In order to achieve a high quality of annotation, two preliminary training phases were carried out, whereby the volunteers evaluated 46, 43 and 46 posts in each phase. After each phase, an inter-rater reliability was conducted with Fleiss’ Kappa to measure the quality of the annotation. The resulting kappa values are shown in figure 1. The values for hatespeech are shown on the left, those of the misogynistic hatespeech on the right. In order to determine the impact of each volunteer on the kappa value, further kappa values were calculated for all combinations of n-1 volunteers.
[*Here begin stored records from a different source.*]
(* A seven-vertex gadget: vertices [0, 1, 2] are adjacent to everything, [3, 4] to the
   graph and to [0, 1, 2], and [5, 6] only to [0, 1, 2].  The weights [1] on [0, 1, 2] and
   [-1/2] on the rest of the gadget (and [0] on the graph) annihilate the distance matrix. *)
Definition gadget_class (k : nat) : nat := if (k < 3)%N then 0 else if (k < 5)%N then 1 else 2.

Definition gadget_adj (k k' : nat) : bool :=
  (k != k') && ((gadget_class k == 0)%N || (gadget_class k' == 0)%N).

Definition gadget_dist (k k' : nat) : nat :=
  if k == k' then 0 else if gadget_adj k k' then 1 else 2.

Definition gadget_weight (k : nat) : R := (if gadget_class k == 0%N then 1 else - (1 / 2))%R.

Lemma gadget_weight_sum : \sum_(k < 7) gadget_weight k = 1.
Proof. rewrite !big_ord_recr big_ord0 /= /gadget_weight /gadget_class /=; lra. Qed.

Lemma gadget_kernel_outer :
  \sum_(k < 7) gadget_weight k * (if (gadget_class k < 2)%N then 1 else 2)%:R = 0.
Proof. rewrite !big_ord_recr big_ord0 /= /gadget_weight /gadget_class /=; lra. Qed.

Lemma gadget_kernel_inner k' : (k' < 7)%N ->
  \sum_(k < 7) gadget_weight k * (gadget_dist k k')%:R = 0.
Proof.
rewrite !big_ord_recr big_ord0 /=.
by case: k' => [|[|[|[|[|[|[|//]]]]]]] _;
  rewrite /gadget_weight /gadget_dist /gadget_adj /gadget_class /=; lra.
Qed.

Section Gadget.
Variables (T : finType) (e : rel T).
Hypotheses (hs : symmetric e) (hi : irreflexive e).

Definition gadget_graph : rel (T + 'I_7) := fun a b =>
  match a, b with
  | inl u, inl v => e u v
  | inl _, inr k | inr k, inl _ => (gadget_class k < 2)%N
  | inr k, inr k' => gadget_adj k k'
  end.

Lemma gadget_graph_sym : symmetric gadget_graph.
Proof. by move=> [a|a] [b|b] //=; rewrite /gadget_adj eq_sym orbC. Qed.

Lemma gadget_graph_irr : irreflexive gadget_graph.
Proof. by move=> [a|a] /=; rewrite ?hi // /gadget_adj eqxx. Qed.

Lemma gadget_graph_dominating t : t != inr ord0 -> gadget_graph (inr ord0) t.
Proof.
case: t => [//|k] hk; apply/andP; split => //.
by apply: contraNneq hk => /val_inj <-.
Qed.

Lemma gadget_graph_connected : connected_graph gadget_graph.
Proof.
exact: connected_dominating gadget_graph_sym gadget_graph_dominating.
Qed.

Lemma gadget_graph_exceptional : distance_exceptional gadget_graph.
Proof.
pose Y (t : T + 'I_7) := if t is inr k then gadget_weight k else 0.
have hd := gdist_dominating gadget_graph_sym gadget_graph_dominating.
apply: (distance_exceptional_from_kernel (Y := Y)); last first.
  by rewrite big_sumType /= big1 // add0r gadget_weight_sum oner_neq0.
move=> v; rewrite big_sumType /= big1 ?add0r => [|u _]; last by rewrite mul0r.
case: v => [u|k'].
  rewrite -[RHS]gadget_kernel_outer; apply: eq_bigr => k _.
  by rewrite hd.
rewrite -[RHS](gadget_kernel_inner (ltn_ord k')); apply: eq_bigr => k _.
by rewrite hd /gadget_dist /= (inj_eq inr_inj).
Qed.

End Gadget.

Lemma sumr_mul_eq (I : finType) (F : I -> R) (j : I) :
  \sum_i F i * (i == j)%:R = F j.
Proof.
rewrite (bigD1 j) //= eqxx mulr1 big1 ?addr0 // => i /negbTE ->.
by rewrite mulr0.
Qed.

Section Attach.
Variables (T : finType) (e : rel T) (w : T) (N c m : nat).
Hypotheses (hs : symmetric e) (hi : irreflexive e) (hc : connected_graph e).

(* [attach_graph] joins [w] to every vertex of the complete multipartite graph with [N]
   singleton parts and [c] parts of size [m]. *)
Definition multipartite_vertex := ('I_N + 'I_c * 'I_m)%type.

Definition multipartite_part (h : multipartite_vertex) : nat :=
  match h with inl i => i | inr p => N + p.1 end.

Definition attach_graph : rel (T + multipartite_vertex) := fun a b =>
  match a, b with
  | inl u, inl v => e u v
  | inl u, inr _ | inr _, inl u => u == w
  | inr h, inr h' => multipartite_part h != multipartite_part h'
  end.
Fig.1 - Interrater-reliability (LTR hatespeech and misogynistic hatespeech)
Fig.2 - Wordclounds (LTR neutral, hatespeech and misogynistic hatespeech)

After completion of the training phases, a further 7,061 posts were annotated, which form the core of the corpus. Their quality can be considered assured due to the solid inter-rater reliability of the training phases. Table 1 shows the quota of the 7,061 posts assigned to each class. The distribution of hatespeech reveals that 22.29 % of the post were annotated as hatespeech. The table also shows the distribution of the second criterion misogynistic hatespeech, with 6.51 % of all posts are being rated as misogynisitc hatespeech. Consequently, 29.22 % of hatespeech posts are also misogynistic.

Tab.1 - Number of posts per class in 7,061 posts
Posts Percent
Hot hatespeech 5,487 77.71 %
Hatespeech 1,574 22.29 %
Not misogynistic hatespeech 6,601 93.49 %
Misogynistic hatespeech 460 6.51 %

License

The corpus is provided under the terms of the Creative Commons Attribution 4.0 International (CC BY 4.0) License. By using the corpus you agree to this license.

license

Citation

The corpus was first presented at ICWSM 2024. You can find a copy of the paper here.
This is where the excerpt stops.